Je viens de me réveiller ce matin, il est quatre heures. J’ai rêvé d’être dans un lieu magique.
Je sais d’un coup pourquoi mon estomac s’était révolté avant-hier et encore hier j’ai eu des nausées: quelque part à l’intérieur, j’ai mal supporté lire à haut voix le passage sur le logement de Montmartre. Même en écrivant, maintenant, une salive amère envahit ma bouche. Ce n’est pas dû à quelque aliment avarié que j’aurais mangé comme je croyais, faute d’avoir trouvé pourquoi je n’arrivais plus à continuer mon travail de correction.

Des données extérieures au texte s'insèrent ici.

Theorem proposition4p8 (R : realType) (theta : R) :
  (* (A1) *)
  (forall w : Om1 R,
      eqO2A theta (sigma theta (tens theta w (nu theta))) (tens theta (nu theta) w)
   /\ eqO2A theta (sigma theta (tens theta (nu theta) w)) (tens theta w (nu theta)))
  (* (A2) *)
  /\ (forall X : Om2 R,
      eqQ theta (sigma theta (piL theta X)) (piR theta (sigma theta X))
   /\ eqQ theta (sigma theta (piR theta X)) (piL theta (sigma theta X)))
  (* g_B *)
  /\ eqBB theta (gB R)
       (sum2 (fun i => sum2 (fun j =>
          scale2 (gC R i j) (tens theta (dzv R i) (dzv R j)))))
  (* g_B^{-1} *)
  /\ (forall i j : 'I_4,
      eqB theta (gBinv theta (dzv R i) (dzv R j))
                (fasub (faC (ginvC R i j)) (famul (faz R i) (faz R j))))
  (* nabla_B *)
  /\ (forall i : 'I_4,
      eqBB theta (nablaB theta (dzv R i))
        (lmul2 (faopp (faz R i))
           (sum2 (fun k => sum2 (fun l =>
              scale2 (gC R k l) (tens theta (dzv R k) (dzv R l)))))))
  (* sigma_B *)
  /\ (forall i j : 'I_4,
      eqBB theta (sigmaB theta (tens theta (dzv R i) (dzv R j)))
        (scale2 (Rm theta j i) (tens theta (dzv R j) (dzv R i)))).
Proof.
split; first by move=> w; split=> i j; [exact: sigma_tens_nu | exact: sigma_nu_tens].
split; first by move=> X; split=> i j; apply: facong_faeq; [exact: sigma_piL | exact: sigma_piR].
split; first exact: gB_metric_form.
split; first exact: gBinv_dzv.
split; first exact: nablaB_dzv.
exact: sigmaB_dzv.
Qed.
(* Let $\mathcal{A}$ be a finite real linear hyperplane arrangement of rank $r\le3$. Then $P_{\mathcal{A}}(z)$ is real-rooted.
   Context: Flats of $\mathcal{A}$ are intersections of subsets of its hyperplanes, forming a lattice under inclusion with minimum $\bot=\bigcap\mathcal{A}$ and Möbius function $\mu$; the rank of $\mathcal{A}$ is the rank of this lattice (the codimension of $\bot$). $P_{\mathcal{A}}(z)=\sum_{\mathrm{X}}|\mu(\bot,\mathrm{X})|(z-1)^{\operatorname{codim}\mathrm{X}}$. No simpliciality is assumed. *)

From HB Require Import structures.
From mathcomp Require Import all_boot all_order all_algebra.
From mathcomp Require Import reals.
Set Implicit Arguments. Unset Strict Implicit. Unset Printing Implicit Defensive.
Import Order.TTheory GRing.Theory Num.Theory.
Local Open Scope ring_scope.

(* A finite real linear hyperplane arrangement in R^n with m hyperplanes is
   given by nonzero normal vectors a i : 'cV[R]_n; the i-th hyperplane is
   H_i = {x : 'rV_n | x *m a i = 0}, represented (as a row space) by
   kermx (a i).  Repetitions of hyperplanes are harmless: everything below
   only depends on the set of hyperplanes. *)

Section Arrangement.
Variables (R : realType) (n m : nat) (a : 'I_m -> 'cV[R]_n).

Definition hyperplane (i : 'I_m) : 'M[R]_n := kermx (a i).

Definition flat (S : {set 'I_m}) : 'M[R]_n :=
  (\bigcap_(i in S) hyperplane i)%MS.

(* Every flat X is flat (fclosure S) where fclosure S is the set of all
   hyperplanes containing X; flats correspond bijectively to the closed
   index sets, which we use to index the (finite) lattice of flats. *)
Definition fclosure (S : {set 'I_m}) : {set 'I_m} :=
  [set i | (flat S <= hyperplane i)%MS].

Definition fclosed (S : {set 'I_m}) : bool := fclosure S == S.

Definition flat_le (S T : {set 'I_m}) : bool :=
  [&& fclosed S, fclosed T & (flat S <= flat T)%MS].

Definition flat_bot : {set 'I_m} := setT.

Definition codim (S : {set 'I_m}) : nat := (n - \rank (flat S))%N.

Definition arr_rank : nat := codim flat_bot.

End Arrangement.

(* The fuel #|T| exceeds the length of any chain, so it is the true Möbius
   function when le is a partial order. *)
Fixpoint mobius_aux (T : finType) (le : rel T) (k : nat) (x y : T) : int :=
  if k is k'.+1 then
    if y == x then 1
    else if le x y then
      - \sum_(z : T | le x z && le z y && (z != y)) mobius_aux le k' x z
    else 0
  else 0.

Definition mobius (T : finType) (le : rel T) (x y : T) : int :=
  mobius_aux le #|T| x y.

Definition arr_poly (R : realType) (n m : nat) (a : 'I_m -> 'cV[R]_n) : {poly R} :=
  \sum_(S : {set 'I_m} | fclosed a S)
     (`|mobius (flat_le a) (flat_bot m) S|%N)%:R *: ('X - 1) ^+ codim a S.

Definition real_rooted (R : realType) (p : {poly R}) : Prop :=
  exists (c : R) (rs : seq R), p = c *: \prod_(x <- rs) ('X - x%:P).

(* Grade the flats by their dimension above the bottom flat; a flat of level j
   has codimension r - j, so P_A(z) = sum_j s_j (z - 1)^(r - j) where s_j sums
   |mu(bot, X)| over the flats X of level j.  On levels 0, 1 and 2 the Moebius
   function equals 1, -1 and (number of level-1 flats below X) - 1.  With l the
   number of level-1 flats and e the sum of (number of level-1 flats below X) - 1
   over the level-2 flats X, this gives P_A = 1, z, z (z - 2 + l) in ranks 0, 1, 2,
   and in rank 3
     P_A(z) = z ((z - 1)^2 + (l - 1) (z - 1) + e + 1 - l),
   whose quadratic factor has discriminant (l + 1)^2 - 4 (e + 1).
   In rank 3 the level-1 and level-2 flats are points and lines of the projective
   plane of the quotient by the bottom flat: two distinct lines meet in exactly
   one point.  Fixing a line L with t points, counting incidences gives
   e + 1 = t + sum over the points A off L of the number of lines through A, and
   each summand lies between 1 and t (the lines through A meet L in distinct
   points).  Hence l <= e + 1 and 4 (e + 1) <= 4 t (l - t + 1) <= (l + 1)^2. *)

From Pilot Require Import Defs.
From HB Require Import structures.
From mathcomp Require Import all_boot all_order all_algebra.
From mathcomp Require Import reals.
From mathcomp Require Import zify ring lra.
Set Implicit Arguments. Unset Strict Implicit. Unset Printing Implicit Defensive.
Import Order.TTheory GRing.Theory Num.Theory.

(** * Counting incidences of points and lines *)

Section PointLineCount.
Variables (T : finType) (pt ln : pred T) (inc : rel T).

Definition points_on (X : T) : nat := #|[set A | pt A && inc A X]|.
Definition lines_through (A : T) : nat := #|[set X | ln X && inc A X]|.

Hypothesis point_on_line : forall A, pt A -> exists2 X, ln X & inc A X.
(* With X = Y this says that every line carries a point. *)
Hypothesis lines_meet :
  forall X Y, ln X -> ln Y -> exists2 A, pt A & inc A X && inc A Y.
Hypothesis line_through_points : forall A B X Y, pt A -> pt B -> ln X -> ln Y ->
  A != B -> inc A X -> inc B X -> inc A Y -> inc B Y -> X = Y.

Lemma points_on_gt0 X : ln X -> 0 < points_on X.
Proof.
move=> lnX; have [A ptA /andP[AX _]] := lines_meet lnX lnX.
by apply/card_gt0P; exists A; rewrite inE ptA.
Qed.

Lemma lines_through_gt0 A : pt A -> 0 < lines_through A.
Proof.
move=> ptA; have [X lnX AX] := point_on_line ptA.
by apply/card_gt0P; exists X; rewrite inE lnX.
Qed.

Lemma sum_points_on :
  \sum_(X | ln X) points_on X = \sum_(A | pt A) lines_through A.
Proof.
rewrite /points_on /lines_through.
under eq_bigr do rewrite -sum1dep_card.
under [RHS]eq_bigr do rewrite -sum1dep_card.
rewrite (exchange_big_dep pt) /=; last by move=> X A _ /andP[].
by apply: eq_bigr => A ptA; apply: eq_bigl => X; rewrite ptA.
Qed.

Definition excess := \sum_(X | ln X) (points_on X).-1.

Section FixedLine.
Variable L : T.
Hypothesis lnL : ln L.

Lemma card_common_points X : ln X -> X != L ->
  #|[set A | pt A && inc A L && inc A X]| = 1.
Proof.
move=> lnX XL; have [A ptA /andP[AL AX]] := lines_meet lnL lnX.
apply/eqP/cards1P; exists A; apply/setP => B; rewrite !inE.
apply/idP/eqP => [/andP[/andP[ptB BL] BX] | ->]; last by rewrite ptA AL AX.
apply/eqP; apply: contraNT XL => BA.
by rewrite (line_through_points ptB ptA lnX lnL BA BX AX BL AL).
Qed.

Lemma sum_lines_through_on :
  \sum_(A | pt A && inc A L) lines_through A = points_on L + #|ln|.-1.
Proof.
have -> : #|ln| = (\sum_(X | ln X && (X != L)) 1).+1.
  by rewrite -sum1_card (bigD1 L).
rewrite /lines_through; under eq_bigr do rewrite -sum1dep_card.
rewrite (exchange_big_dep ln) /=; last by move=> A X _ /andP[].
rewrite (bigD1 L) //=; congr (_ + _).
  rewrite /points_on -sum1dep_card; apply: eq_bigl => A.
  by rewrite lnL /= -andbA andbb.
apply: eq_bigr => X /andP[lnX XL]; rewrite sum1dep_card -(card_common_points lnX XL).
by apply: eq_card => A; rewrite !inE lnX.
Qed.

Lemma lines_through_le_points_on A :
  pt A -> ~~ inc A L -> lines_through A <= points_on L.
Proof.
move=> ptA AL; rewrite /lines_through -sum1dep_card.
have meetL X : ln X && inc A X ->
    1 = \sum_(B | (pt B && inc B L) && inc B X) 1.
  move=> /andP[lnX AX]; rewrite sum1dep_card card_common_points //.
  by apply: contraNneq AL => <-.
rewrite (eq_bigr _ meetL) (exchange_big_dep (fun B => pt B && inc B L)) /=;
  last by move=> X B _ /andP[].
rewrite /points_on -sum1dep_card; apply: leq_sum => B /andP[ptB BL].
rewrite sum1dep_card; apply/card_le1_eqP => X Y; rewrite !inE.
move=> /andP[/andP[lnX AX] /andP[_ BX]] /andP[/andP[lnY AY] /andP[_ BY]].
apply: line_through_points ptA ptB lnY lnX _ AY BY AX BX.
by apply: contraNneq AL => ->.
Qed.

Lemma excessE :
  excess.+1 = points_on L + \sum_(A | pt A && ~~ inc A L) lines_through A.
Proof.
have incid : excess + #|ln| = \sum_(X | ln X) points_on X.
  rewrite -sum1_card -big_split /=; apply: eq_bigr => X lnX.
  by rewrite addn1 prednK // points_on_gt0.
rewrite sum_points_on (bigID (inc ^~ L)) /= sum_lines_through_on in incid.
have : 0 < #|ln| by apply/card_gt0P; exists L.
lia.
Qed.

Lemma excess_bounds : #|pt| <= excess.+1 /\ 4 * excess.+1 <= #|pt|.+1 ^ 2.
Proof.
pose u := #|[set A | pt A && ~~ inc A L]|.
have ptE : #|pt| = points_on L + u.
  rewrite -!sum1_card /points_on /u -!sum1dep_card (bigID (inc ^~ L)) /=.
  by congr (_ + _); apply: eq_bigl => A; rewrite unfold_in.
have lo : u <= \sum_(A | pt A && ~~ inc A L) lines_through A.
  rewrite /u -sum1dep_card; apply: leq_sum => A /andP[ptA _].
  exact: lines_through_gt0.
have hi : \sum_(A | pt A && ~~ inc A L) lines_through A <= u * points_on L.
  rewrite /u -sum1dep_card big_distrl /=; apply: leq_sum => A /andP[ptA AL].
  by rewrite mul1n lines_through_le_points_on.
rewrite excessE ptE; split; first lia.
by have := (nat_AGM2 (points_on L) u.+1).1; rewrite addnS; lia.
Qed.

End FixedLine.
End PointLineCount.

Local Open Scope ring_scope.

(** * Real-rooted polynomials *)

Lemma quadratic_real_roots (R : rcfType) (b c : R) : 4 * c <= b ^+ 2 ->
  exists y1 y2, y1 + y2 = b /\ y1 * y2 = c.
Proof.
move=> disc_ge0; pose s := Num.sqrt (b ^+ 2 - 4 * c).
have s2 : s ^+ 2 = b ^+ 2 - 4 * c by rewrite sqr_sqrtr // subr_ge0.
exists ((b + s) / 2), ((b - s) / 2); split; first by field.
have -> : (b + s) / 2 * ((b - s) / 2) = (b ^+ 2 - s ^+ 2) / 4 by field.
by rewrite s2; field.
Qed.

Lemma real_rooted_rank2_poly (R : realType) (l : nat) : (0 < l)%N ->
  real_rooted (('X - 1) ^+ 2 + l%:R *: ('X - 1) + (l.-1)%:R%:A : {poly R}).
Proof.
move=> l_gt0; exists 1, [:: 0; 2 - l%:R].
rewrite !big_cons big_nil scale1r alg_polyC -subn1 natrB // -mul_polyC.
by rewrite !rmorphB /= polyC0 polyC1; ring.
Qed.

Lemma real_rooted_rank3_poly (R : realType) (l e : nat) :
  (l <= e.+1)%N -> (4 * e.+1 <= l.+1 ^ 2)%N ->
  real_rooted (('X - 1) ^+ 3 + l%:R *: ('X - 1) ^+ 2 + e%:R *: ('X - 1)
               + (e.+1 - l)%:R%:A : {poly R}).
Proof.
move=> l_le; rewrite -(ler_nat R) natrM natrX !mulrSr => disc.
have [|y1 [y2 [sum_y prod_y]]] := @quadratic_real_roots R (1 - l%:R) (e%:R + 1 - l%:R).
  by nra.
exists 1, [:: 0; 1 + y1; 1 + y2].
rewrite natrB // mulrSr.
have -> : e%:R = y1 * y2 - y1 - y2 :> R by lra.
have -> : l%:R = 1 - y1 - y2 :> R by lra.
rewrite !big_cons big_nil scale1r alg_polyC -!mul_polyC.
by rewrite !rmorphB !rmorphD !rmorphM /= polyC0 polyC1; ring.
Qed.

(** * The lattice of flats *)

Lemma rank_capmx_ge (F : fieldType) k l n (A : 'M[F]_(k, n)) (B : 'M[F]_(l, n)) :
  (\rank A + \rank B <= n + \rank (A :&: B))%N.
Proof. by rewrite -mxrank_sum_cap leq_add2r rank_leq_col. Qed.

Section Flats.
Variables (R : realType) (n m : nat) (a : 'I_m -> 'cV[R]_n).

Local Notation F := (flat a).
Local Notation H := (hyperplane a).
Local Notation cl := (Defs.fclosed a).
Local Notation fcl := (Defs.fclosure a).

Lemma rank_hyperplane_ge i : (n.-1 <= \rank (H i))%N.
Proof. by rewrite /hyperplane mxrank_ker -subn1 leq_sub2l // rank_leq_col. Qed.

Lemma flat_subset (S T : {set 'I_m}) : S \subset T -> (F T <= F S)%MS.
Proof.
move=> ST; apply/sub_bigcapmxP => i iS.
by apply: (bigcapmx_inf i); [exact: (subsetP ST) | exact: submx_refl].
Qed.

Lemma flat_setT_sub (S : {set 'I_m}) : (F setT <= F S)%MS.
Proof. exact/flat_subset/subsetT. Qed.

Lemma flat_sub_hyperplane (S : {set 'I_m}) i : i \in S -> (F S <= H i)%MS.
Proof. by move=> iS; apply: (bigcapmx_inf i). Qed.

Lemma flat_set0 : F set0 = 1%:M.
Proof. by rewrite /flat big_pred0 // => i; rewrite inE. Qed.

Lemma flat_set1 i : F [set i] = H i.
Proof. by rewrite /flat big_set1. Qed.

Lemma flat_setU (S T : {set 'I_m}) : (F (S :|: T) == F S :&: F T)%MS.
Proof.
rewrite sub_capmx !flat_subset ?subsetUl ?subsetUr //=.
apply/sub_bigcapmxP => i; rewrite inE => /orP[iS | iT].
  exact: submx_trans (capmxSl _ _) (flat_sub_hyperplane iS).
exact: submx_trans (capmxSr _ _) (flat_sub_hyperplane iT).
Qed.

Lemma flat_fclosure (S : {set 'I_m}) : (F (fcl S) == F S)%MS.
Proof.
apply/andP; split; last by apply/sub_bigcapmxP => i; rewrite inE.
by apply: flat_subset; apply/subsetP => i iS; rewrite inE flat_sub_hyperplane.
Qed.

Lemma flat_fclosure_setU (S T : {set 'I_m}) : (F (fcl (S :|: T)) :=: F S :&: F T)%MS.
Proof. exact: eqmx_trans (eqmxP (flat_fclosure _)) (eqmxP (flat_setU _ _)). Qed.

Lemma fclosure_closed (S : {set 'I_m}) : cl (fcl S).
Proof. by apply/eqP/setP => i; rewrite !inE (eqmxP (flat_fclosure S)). Qed.

Lemma fclosedP (X : {set 'I_m}) i : cl X -> (i \in X) = (F X <= H i)%MS.
Proof. by move=> /eqP {1}<-; rewrite inE. Qed.

Lemma fclosedT : cl setT.
Proof. by apply/eqP/setP => i; rewrite !inE flat_sub_hyperplane ?inE. Qed.

Lemma fclosed_inj (S T : {set 'I_m}) : cl S -> cl T -> (F S == F T)%MS -> S = T.
Proof.
move=> cS cT /eqmxP eqST; apply/setP => i.
by rewrite (fclosedP _ cS) (fclosedP _ cT) eqST.
Qed.

Lemma fclosed_rank_inj (S T : {set 'I_m}) : cl S -> cl T -> (F S <= F T)%MS ->
  \rank (F S) = \rank (F T) -> S = T.
Proof.
move=> cS cT le_ST eq_r; apply: fclosed_inj => //.
by rewrite -(mxrank_leqif_eq le_ST) eq_r.
Qed.

Lemma fclosed_rank_lt (S T : {set 'I_m}) : cl S -> cl T -> (F S <= F T)%MS ->
  S != T -> (\rank (F S) < \rank (F T))%N.
Proof.
move=> cS cT le_ST; rewrite ltn_neqAle mxrankS // andbT.
by apply: contraNN => /eqP eq_r; apply/eqP; apply: fclosed_rank_inj.
Qed.

Lemma rank_flat_ge (S : {set 'I_m}) : (n <= \rank (F S) + #|S|)%N.
Proof.
suff /(_ (enum S)) : forall s,
    (n <= \rank (\big[capmx/1%:M]_(i <- s) H i) + size s)%N.
  by rewrite big_enum /= -cardE.
elim=> [|i s IHs]; first by rewrite big_nil mxrank1 addn0.
rewrite big_cons /=; have := rank_capmx_ge (H i) (\big[capmx/1%:M]_(j <- s) H j).
have := rank_hyperplane_ge i; rewrite -subn1.
by move: (\rank (H i)) (\rank (H i :&: _)) => x z; lia.
Qed.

Oui, je tenais à cet appartement, je l’ai aimé. Plus que François? Probablement. Plus que ce qu’il est devenu, nettement plus. Évoquer revivre les heurts qu’il m’a causés n’était pas agréable non plus, mais le deuil du logement qui a révolté mon ventre.
Contempler les photos récentes de moi, ne m’a pas enchanté non plus. Qu’a–t–il réussi à faire de moi en dix ans!?
Non. Non! C’est moi qui est devenue ainsi.
Je ne suis plus belle, attirante, que dans les yeux et la présence de mes petits-enfants. Leurs visages s’illuminent dès qu’ils m’aperçoivent. En leur présence, avec eux dans mes bras, mon visage change aussi, s’adoucit, rayonne. Je retrouve dans le miroir de l’ascenseur que nous regardons ensemble, David et moi, Gaby et moi, quelqu’un d’agréable et que je ne réfute pas.
Regard encore une fois, disais-je à David, pensant qu’il s’admirera dans le miroir et ne s’approchera ainsi pas de la porte.
-Ma !Ma ! il m’a aperçu dans la glace.
-Non, dis-je, me rendant compte. Mamie.
-Mamie ! montra-t-il alors heureux avec ses doigts, heureux de ce qu’il voyait.
Je me regarde rarement en miroir, mais les photos, hélas, ne mentent pas.
Qu’est-je devenue? Pourrais-je m’y échapper?
«Beaucoup mieux qu’il y a un an», disait Stéphanie. «Nettement plus jeune qu’à votre arrivé», dit ma voisine. Possible. Pas encore assez.
Il faut finir ce journal, ce divorce, le livre de ce deuil de ce qui était et me lancer dans… ce qui est au-delà de brouillard. Pas la rencontre éventuelle avec Bruce ou Pierre, fantômes de passé, se rappelant la Julie ancienne, celle de 33 ou de 45 ans. L’avenir réside ailleurs.
Même ce logement ne m’enchante plus autant. Cela reviendra! Pour le moment, depuis qu’on a vandalisé ma nouvelle voiture, parqué devant la maison presque, je me sens violée en quelque chose, déstabilisée. Je gare ma voiture dans la cour, mais ceci n’a rien résolu de mes sentiments. Je parcours ma chambre avec plaisir, mais un peu de délectation profond manque. Je dois retrouver mes joies !
Retrouver mon plaisir. Retrouver des buts. Retrouver, trouver des gens avec qui interagir. Il y a les petits, Analyse et Lionel. Peut-être le stage d’écriture théâtrale de la semaine prochaine me fera du bien. Être entre d’autres, ayant les mêmes intérêts. De tout de façon, c’est un pas hors du brouillard, à travers le brouillard vers l’avenir.